During the execution of a speculative process, Pulse records all the events it creates (e.g., releasing a lock or writing to a pipe). These events are then used to match against the events awaited by the sleeping processes. A match between processes A and B indicates that if process A were unblocked, it would produce an event that unblocks process B. Based on this information, Pulse constructs a general resource graph in which the nodes denote the sleeping processes and the events on which they are waiting, and the edges denote the dependences Pulse discovers. Pulse detects deadlock by checking if this graph contains cycles. If it detects a cycle, it also prints out the entire graph to help programmers identify the causes of the deadlock.

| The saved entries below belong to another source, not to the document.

(* Let $\beta>0$, $\rho>0$, fix $\tau\in\mathbb R$, and let $\Pi=\Pi(\tau,r)$ and $\hat g=\hat g(\tau/\beta,r/\beta,\rho/\beta)$ be as in the context, with $\hat g_\infty=\lim_{r\to\infty}\hat g$. Consider the six terms of $$F[\hat g,\Pi]=T_1+\dots+T_6,$$ $$T_1=4\cos(2\hat g)\frac{[\partial_\tau\Pi][\partial_r\Pi]}{\Pi^2},\ T_2=-2\cos(2\hat g)\frac{\partial_\tau\partial_r\Pi}{\Pi},\ T_3=2\sin(2\hat g)\frac{[\partial_r\Pi]^2}{\Pi^2},$$ $$T_4=-2\sin(2\hat g)\frac{[\partial_\tau\Pi]^2}{\Pi^2},\ T_5=\sin(2\hat g)\frac{\partial^2_\tau\Pi}{\Pi},\ T_6=-\sin(2\hat g)\frac{\partial^2_r\Pi}{\Pi}.$$ Then for $j=1,\dots,5$ the radial integral $\int_0^\infty dr\,r^2\,T_j$ converges, while the only possibly divergent radial integral is that of $T_6$, and its divergence is logarithmic: $r^2T_6$ is integrable on $[0,\beta]$ and $r^2T_6+\frac{2\pi\rho^2}{\beta}\sin(2\hat g_\infty)\frac1r$ is integrable on $[\beta,\infty)$, so that $\int_0^R dr\,r^2T_6=-\frac{2\pi\rho^2}{\beta}\sin(2\hat g_\infty)\log R+O(1)$ as $R\to\infty$.
   Context: $\Pi(\tau,r)=1+\frac{\pi\rho^2}{\beta r}\frac{\sinh(2\pi r/\beta)}{\cosh(2\pi r/\beta)-\cos(2\pi\tau/\beta)}$. With $\hat\tau=\tau/\beta$, $\hat r=r/\beta$, $\hat\rho=\rho/\beta$, $\hat g(\hat\tau,\hat r,\hat\rho)=-\pi^2\hat\rho^2\sin(2\pi\hat\tau)\int_0^1\frac{ds}{s}\frac{\sinh(2\pi\hat rs)}{[\cosh(2\pi\hat rs)-\cos(2\pi\hat\tau)][\cosh(2\pi\hat rs)-\cos(2\pi\hat\tau)+\frac{\pi\hat\rho^2}{\hat rs}\sinh(2\pi\hat rs)]}$ (equivalently $\hat g=\int_0^1ds\,\frac r2\partial_\tau\log\Pi(\tau,sr)$); for fixed $\hat\tau,\hat\rho$ this has a finite limit $\hat g_\infty$ as $\hat r\to\infty$. In $T_j$, all quantities are evaluated at $(\tau,r)$, with $\hat g$ at $(\hat\tau,\hat r,\hat\rho)$; $\partial_\tau,\partial_r$ are partial derivatives of $\Pi(\tau,r)$. *)

From Stdlib Require Import Reals.
From Coquelicot Require Export Coquelicot.
Open Scope R_scope.

Definition Pi (beta rho tau r : R) : R :=
  1 + PI * rho ^ 2 / (beta * r) *
      (sinh (2 * PI * r / beta) / (cosh (2 * PI * r / beta) - cos (2 * PI * tau / beta))).

Definition ghat_integrand (th rh ph s : R) : R :=
  / s * sinh (2 * PI * rh * s) /
  ((cosh (2 * PI * rh * s) - cos (2 * PI * th)) *
   (cosh (2 * PI * rh * s) - cos (2 * PI * th)
    + PI * ph ^ 2 / (rh * s) * sinh (2 * PI * rh * s))).

Definition ghat (th rh ph : R) : R :=
  - PI ^ 2 * ph ^ 2 * sin (2 * PI * th) * RInt (ghat_integrand th rh ph) 0 1.

Definition gb (beta rho tau r : R) : R := ghat (tau / beta) (r / beta) (rho / beta).

Definition dtPi beta rho tau r := Derive (fun t => Pi beta rho t r) tau.
Definition drPi beta rho tau r := Derive (fun x => Pi beta rho tau x) r.
Definition dtrPi beta rho tau r :=
  Derive (fun t => Derive (fun x => Pi beta rho t x) r) tau.
Definition dttPi beta rho tau r :=
  Derive (fun t => Derive (fun t' => Pi beta rho t' r) t) tau.
Definition drrPi beta rho tau r :=
  Derive (fun x => Derive (fun x' => Pi beta rho tau x') x) r.
(* Let $(\mathbf c,\mathbf g)\in\mathbf C^5_{\rm aut}$ with $\operatorname{Hom}(N_{\mathbf c},\mathbb G_{\mathbf g})=0$, and let $\mathbf m\in\mathbf M_{\mathbf c}$ be $|N_{\mathbf c}|^+$-free over $(\mathbf c,\mathbf g)$. Then $\operatorname{Hom}(N_{\mathbf c},\mathcal Z(H_{\mathbf m}))\subseteq\operatorname{Hom}(N_{\mathbf c},H_{\mathbf c})$, i.e. every homomorphism $N_{\mathbf c}\to\mathcal Z(H_{\mathbf m})$ has image contained in $H_{\mathbf c}$.
   Context: Groups are not assumed abelian; $\mathcal Z(H)$ is the center of $H$; $J_p$ is the additive group of $p$-adic integers. $\mathbf C^4_{\rm aut}$: tuples $\mathbf c=(L_{\mathbf c},N_{\mathbf c},H_{\mathbf c},h_{\mathbf c},h^*_{\mathbf c},F_{\mathbf c},(Q^{\bar s}_{\mathbf c}),H^*_{\mathbf c},\mathbb P_{\mathbf c})$: $L_{\mathbf c},H_{\mathbf c}$ groups; $F_{\mathbf c}:L_{\mathbf c}\to\operatorname{Aut}(H_{\mathbf c})$ injective homomorphism, $F^\ell_{\mathbf c}:=F_{\mathbf c}(\ell)$; $N_{\mathbf c}\trianglelefteq L_{\mathbf c}$; $h_{\mathbf c}:H_{\mathbf c}\to N_{\mathbf c}$ epimorphism with kernel $\mathcal Z(H_{\mathbf c})$ and $F_{\mathbf c}(h_{\mathbf c}(a))=(x\mapsto axa^{-1})$; $h^*_{\mathbf c}:N_{\mathbf c}\to H_{\mathbf c}$ a map with $h_{\mathbf c}\circ h^*_{\mathbf c}=\mathrm{id}$; $(b_1,\dots,b_n)\in Q^{\bar s}_{\mathbf c}$ iff $\sum_is_iF^{b_i}_{\mathbf c}\restriction\mathcal Z(H_{\mathbf c})=0$ ($\bar s\in\mathbb Z^n$); $\mathcal Z(H_{\mathbf c})$ reduced; $H^*_{\mathbf c}\le H_{\mathbf c}$, $H_{\mathbf c}=\bigcup_{x\in\mathcal Z(H_{\mathbf c})}H^*_{\mathbf c}x$, $\mathcal Z(H^*_{\mathbf c})=\mathcal Z(H_{\mathbf c})\cap H^*_{\mathbf c}$; $\mathbb P_{\mathbf c}$ = primes $p$ such that $\mathcal Z(H_{\mathbf c})$ has a nonzero element of $p$-power order (then so does $\mathcal Z(H^*_{\mathbf c})$) or $J_p$ embeds in $\mathcal Z(H_{\mathbf c})$ (then $J_p$ embeds in $\mathcal Z(H^*_{\mathbf c})$); $\mathcal Z(H_{\mathbf c})/\mathcal Z(H^*_{\mathbf c})$ torsion-free and $p$-divisible for all $p\notin\mathbb P_{\mathbf c}$. $\mathbf C^5_{\rm aut}$: pairs $(\mathbf c,\mathbf g)$, $\mathbf c\in\mathbf C^4_{\rm aut}$, $\mathbf g=(\mathbb G_{\mathbf g},(F^\ell_{\mathbf g})_{\ell\in L_{\mathbf c}})$ with $\mathbb G_{\mathbf g}$ reduced torsion-free abelian, no $J_p$ embeddable, $F^\ell_{\mathbf g}\in\operatorname{Aut}(\mathbb G_{\mathbf g})$, and $(b_i)\in Q^{\bar s}_{\mathbf c}\Rightarrow\sum_is_iF^{b_i}_{\mathbf g}=0$. $\mathbf M_{\mathbf c}$ (for $(\mathbf c,\mathbf g)\in\mathbf C^5_{\rm aut}$): pairs $(\mathbf m,\mathbf g)\in\mathbf C^5_{\rm aut}$ (same $\mathbf g$) with $L_{\mathbf m}=L_{\mathbf c}$, $N_{\mathbf m}=N_{\mathbf c}$, $H_{\mathbf c}\subseteq H_{\mathbf m}$, $h_{\mathbf c}\subseteq h_{\mathbf m}$, $h^*_{\mathbf m}=h^*_{\mathbf c}$, $F^\ell_{\mathbf c}\subseteq F^\ell_{\mathbf m}$, $Q^{\bar s}_{\mathbf m}=Q^{\bar s}_{\mathbf c}$, $H_{\mathbf m}$ generated by $\mathcal Z(H_{\mathbf m})\cup H_{\mathbf c}$, $\mathcal Z(H_{\mathbf c})=\mathcal Z(H_{\mathbf m})\cap H_{\mathbf c}$, $\mathbb P_{\mathbf m}=\mathbb P_{\mathbf c}$, $H^*_{\mathbf m}=H^*_{\mathbf c}$. $\mathbf m_1\le_{\mathbf c}\mathbf m_2$ means $H_{\mathbf m_1}\subseteq H_{\mathbf m_2}$, $h_{\mathbf m_1}\subseteq h_{\mathbf m_2}$, $F^\ell_{\mathbf m_1}\subseteq F^\ell_{\mathbf m_2}$ for all $\ell$. $\mathbf m'\in\mathbf M_{\mathbf c}$ is free over $(\mathbf c,\mathbf g)$ if there are injective homomorphisms $f_\xi:\mathbb G_{\mathbf g}\to\mathcal Z(H_{\mathbf m'})$ ($\xi<\zeta$) with $f_\xi\circ F^\ell_{\mathbf g}=F^\ell_{\mathbf m'}\circ f_\xi$ for all $\ell$, such that $\mathcal Z(H_{\mathbf m'})=\bigoplus_{\xi<\zeta}f_\xi(\mathbb G_{\mathbf g})\oplus\mathcal Z(H_{\mathbf c})$. $\mathbf m$ is $\mu$-free over $(\mathbf c,\mathbf g)$ if for every subgroup $G'$ of $\mathcal Z(H_{\mathbf m})/\mathcal Z(H_{\mathbf c})$ of cardinality $<\mu$ there is $\mathbf m'\in\mathbf M_{\mathbf c}$ with $\mathbf m'\le_{\mathbf c}\mathbf m$, free over $(\mathbf c,\mathbf g)$, and $G'\subseteq\mathcal Z(H_{\mathbf m'})/\mathcal Z(H_{\mathbf c})$. *)

From mathcomp Require Import all_boot all_algebra.
From Stdlib Require List.

Set Implicit Arguments.
Unset Strict Implicit.
Unset Printing Implicit Defensive.

Import GRing.Theory.
Local Open Scope ring_scope.

Record grp := Grp {
  gcar :> Type;
  gmul : gcar -> gcar -> gcar;
  ginv : gcar -> gcar;
  gone : gcar;
  gmulA : forall x y z, gmul x (gmul y z) = gmul (gmul x y) z;
  gmul1 : forall x, gmul gone x = x;
  gmulV : forall x, gmul (ginv x) x = gone }.

Arguments gmul {g}.
Arguments ginv {g}.
Arguments gone {g}.

Definition grp_of_zmod (G : zmodType) : grp :=
  @Grp G +%R -%R 0 (@addrA G) (@add0r G) (@addNr G).

Section Grp.
Variable T : grp.

Fixpoint gpow (x : T) (n : nat) : T :=
  match n with 0%N => gone | n'.+1 => gmul x (gpow x n') end.

Definition zpow (x : T) (z : int) : T :=
  match z with Posz n => gpow x n | Negz n => ginv (gpow x n.+1) end.

Definition gprod (s : seq T) : T := foldr gmul gone s.

Definition subgroup (S : T -> Prop) : Prop :=
  [/\ S gone, (forall x y, S x -> S y -> S (gmul x y))
    & (forall x, S x -> S (ginv x))].

Definition normal_sub (S : T -> Prop) : Prop :=
  subgroup S /\ forall n l, S n -> S (gmul (gmul l n) (ginv l)).

Definition center (S : T -> Prop) (x : T) : Prop :=
  S x /\ forall y, S y -> gmul x y = gmul y x.

Definition generated (A : T -> Prop) (x : T) : Prop :=
  forall S, subgroup S -> (forall y, A y -> S y) -> S x.

Definition reduced (A : T -> Prop) : Prop :=
  forall D : T -> Prop, subgroup D -> (forall x, D x -> A x) ->
    (forall x n, D x -> (0 < n)%N -> exists2 y, D y & gpow y n = x) ->
    forall x, D x -> x = gone.

Definition quot_torsion_free (A B : T -> Prop) : Prop :=
  forall x n, A x -> (0 < n)%N -> B (gpow x n) -> B x.

Definition quot_p_divisible (A B : T -> Prop) (p : nat) : Prop :=
  forall x, A x -> exists2 y, A y & B (gmul x (ginv (gpow y p))).

Definition has_p_torsion (A : T -> Prop) (p : nat) : Prop :=
  exists x, [/\ A x, x <> gone & exists k, gpow x (p ^ k) = gone].

End Grp.

Arguments gpow {T}.
Arguments zpow {T}.
Arguments gprod {T}.

(* The p-adic integers J_p, as compatible sequences of residues:
   a : nat -> int with 0 <= a n < p^n and a (n+1) = a n mod p^n.          *)

Definition padic (p : nat) (a : nat -> int) : Prop :=
  forall n, (0 <= a n)%R /\ (a n < (p ^ n)%N%:Z)%R /\
            ((a n.+1) %% (p ^ n)%N%:Z)%Z = a n.

Definition padic_add (p : nat) (a b : nat -> int) : nat -> int :=
  fun n => ((a n + b n) %% (p ^ n)%N%:Z)%Z.

Definition Jp_embeds (T : grp) (p : nat) (A : T -> Prop) : Prop :=
  exists phi : (nat -> int) -> T,
    [/\ (forall a, padic p a -> A (phi a)),
        (forall a b, padic p a -> padic p b ->
           phi (padic_add p a b) = gmul (phi a) (phi b))
      & (forall a b, padic p a -> padic p b -> phi a = phi b ->
           forall n, a n = b n)].

Definition aut_on (T : grp) (H : T -> Prop) (f : T -> T) : Prop :=
  [/\ (forall x, H x -> H (f x)),
      (forall x y, H x -> H y -> f (gmul x y) = gmul (f x) (f y)),
      (forall y, H y -> exists2 x, H x & f x = y)
    & (forall x y, H x -> H y -> f x = f y -> x = y)].

Definition hom_on (T1 T2 : grp) (A : T1 -> Prop) (B : T2 -> Prop)
    (f : T1 -> T2) : Prop :=
  (forall x, A x -> B (f x)) /\
  (forall x y, A x -> A y -> f (gmul x y) = gmul (f x) (f y)).

(* All the objects are placed inside fixed ambient groups:
   L = L_c (= L_m), N = N_c (= N_m) a predicate on L, T an ambient group in
   which the H's live as subgroups (H_c ⊆ H_m' ⊆ H_m), one function
   h : T -> L whose restrictions are h_c, h_m', h_m, one family
   F : L -> T -> T whose restrictions to H_c, H_m', H_m are F_c, F_m', F_m,
   one section hs = h^*_c = h^*_m and one predicate Hs = H^*_c = H^*_m.
   This encodes precisely the conditions H_c ⊆ H_m, h_c ⊆ h_m,
   F^l_c ⊆ F^l_m, h^*_m = h^*_c, H^*_m = H^*_c, L_m = L_c, N_m = N_c. *)

Section Objects.
Variables (L T : grp) (N : L -> Prop) (h : T -> L) (hs : L -> T)
          (F : L -> T -> T) (Hs : T -> Prop).

(* (b_1..b_n) ∈ Q^{s}: sum_i s_i F^{b_i} restricted to Z(H) is 0;
   the pair (s, b) is encoded as the list of pairs (s_i, b_i). *)
Definition Qrel (H : T -> Prop) (sb : seq (int * L)) : Prop :=
  forall x, center H x ->
    gprod (map (fun p => zpow (F p.2 x) p.1) sb) = gone.

Definition Pset (H : T -> Prop) (p : nat) : Prop :=
  prime p /\ (has_p_torsion (center H) p \/ Jp_embeds p (center H)).

Definition isC4 (H : T -> Prop) : Prop :=
  [/\ normal_sub N /\ subgroup H,
      [/\ (forall l, aut_on H (F l)),
          (forall l1 l2 x, H x -> F (gmul l1 l2) x = F l1 (F l2 x))
        & (forall l1 l2, (forall x, H x -> F l1 x = F l2 x) -> l1 = l2)],
      [/\ hom_on H N h,
          (forall n, N n -> exists2 a, H a & h a = n),
          (forall a, H a -> (h a = gone <-> center H a))
        & (forall a x, H a -> H x ->
             F (h a) x = gmul (gmul a x) (ginv a))],
      (forall n, N n -> H (hs n) /\ h (hs n) = n) /\
      reduced (center H) &
      [/\ subgroup Hs /\ (forall x, Hs x -> H x),
          (forall x, H x -> exists y z, [/\ Hs y, center H z & x = gmul y z]),
          (forall x, center Hs x <-> center H x /\ Hs x) /\
          (forall p, Pset H p ->
             (has_p_torsion (center H) p -> has_p_torsion (center Hs) p) /\
             (Jp_embeds p (center H) -> Jp_embeds p (center Hs))),
          quot_torsion_free (center H) (center Hs)
        & (forall p, prime p -> ~ Pset H p ->
             quot_p_divisible (center H) (center Hs) p)]].

Definition isC5 (H : T -> Prop) (G : zmodType) (FG : L -> G -> G) : Prop :=
  [/\ isC4 H /\
      reduced (T := grp_of_zmod G) (fun _ => True),
      quot_torsion_free (T := grp_of_zmod G) (fun _ => True) (fun x => x = 0),
      (forall p, prime p -> ~ Jp_embeds (T := grp_of_zmod G) p (fun _ => True)),
      (forall l, aut_on (T := grp_of_zmod G) (fun _ => True) (FG l))
    & (forall sb, Qrel H sb ->
         forall y : G, \sum_(p <- sb) (FG p.2 y) *~ p.1 = 0)].

Definition inM (Hc Hm : T -> Prop) (G : zmodType) (FG : L -> G -> G) : Prop :=
  [/\ isC5 Hm FG /\
      (forall x, Hc x -> Hm x),
      (forall sb, Qrel Hm sb <-> Qrel Hc sb),
      (forall x, Hm x <-> generated (fun y => center Hm y \/ Hc y) x),
      (forall x, center Hc x <-> center Hm x /\ Hc x)
    & (forall p, Pset Hm p <-> Pset Hc p)].

Definition free_over (Hc Hm' : T -> Prop) (G : zmodType) (FG : L -> G -> G)
    : Prop :=
  exists (I : Type) (f : I -> G -> T),
    [/\ (forall i, hom_on (T1 := grp_of_zmod G) (fun _ => True) (center Hm')
                          (f i)),
        (forall i (x y : G), f i x = f i y -> x = y),
        (forall i l (x : G), f i (FG l x) = F l (f i x)),
        (* Z(H_m') = (+)_i f_i(G) (+) Z(H_c) *)
        (forall x, center Hm' x ->
           exists (s : seq (I * G)) (z : T),
             [/\ List.NoDup (map fst s), center Hc z &
                 x = gmul (gprod (map (fun q => f q.1 q.2) s)) z])
      & (forall (s : seq (I * G)) (z : T),
           List.NoDup (map fst s) -> center Hc z ->
           gmul (gprod (map (fun q => f q.1 q.2) s)) z = gone ->
           z = gone /\ forall q, List.In q s -> q.2 = 0)].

Pulse differs from existing dynamic techniques in that it discovers dependency information by looking into the future, while existing techniques rely on past information (e.g., who owns a lock and who is waiting for it) to derive the dependences. Most existing techniques are WFG-based and they commonly restrict themselves to only detect deadlocks involving single-unit reusable resources such as locks. Fundamental in this resource model is the assumption that a busy resource can only be freed by the owner that currently holds the resource. This assumption makes it possible to discover process dependences based on information collected from the past, which includes the identities of the owners and waiters of each resource. However, consumable resources cannot be viewed as held by a process. For example, a semaphore used for synchronization (instead of mutual exclusion as a lock) may not be viewed as being held by a single process--any process can potentially perform an up operation on the semaphore and unblock another waiting process. In contrast, Pulse makes no assumption about the resource model. The ability to look into the future allows Pulse to directly discover what events a process can produce, as opposed to reasoning about it based on ownership information.
The ability to detect deadlocks that involve consumable resources also distinguishes Pulse from existing static approaches, such as RacerX [5]. In Figure 1, we use a Venn diagram to illustrate the types of deadlock that WFG-based techniques, static schemes, and Pulse can detect. We draw the set of deadlocks detectable by the static schemes larger than the other sets, because static schemes detect deadlocks along all possible control flow paths, while WFG-based techniques and Pulse only detect deadlocks that occur during execution. There is one particular type of deadlock that Pulse cannot detect while WFG-based techniques and static schemes can. This happens when Pulse cannot discover all the dependences from running ahead in the program. For example, if a sloppy programmer forgets an unlock operation that can unblock a waiting process, then Pulse will not see this future event and thus will not be able to identify a cycle of dependences.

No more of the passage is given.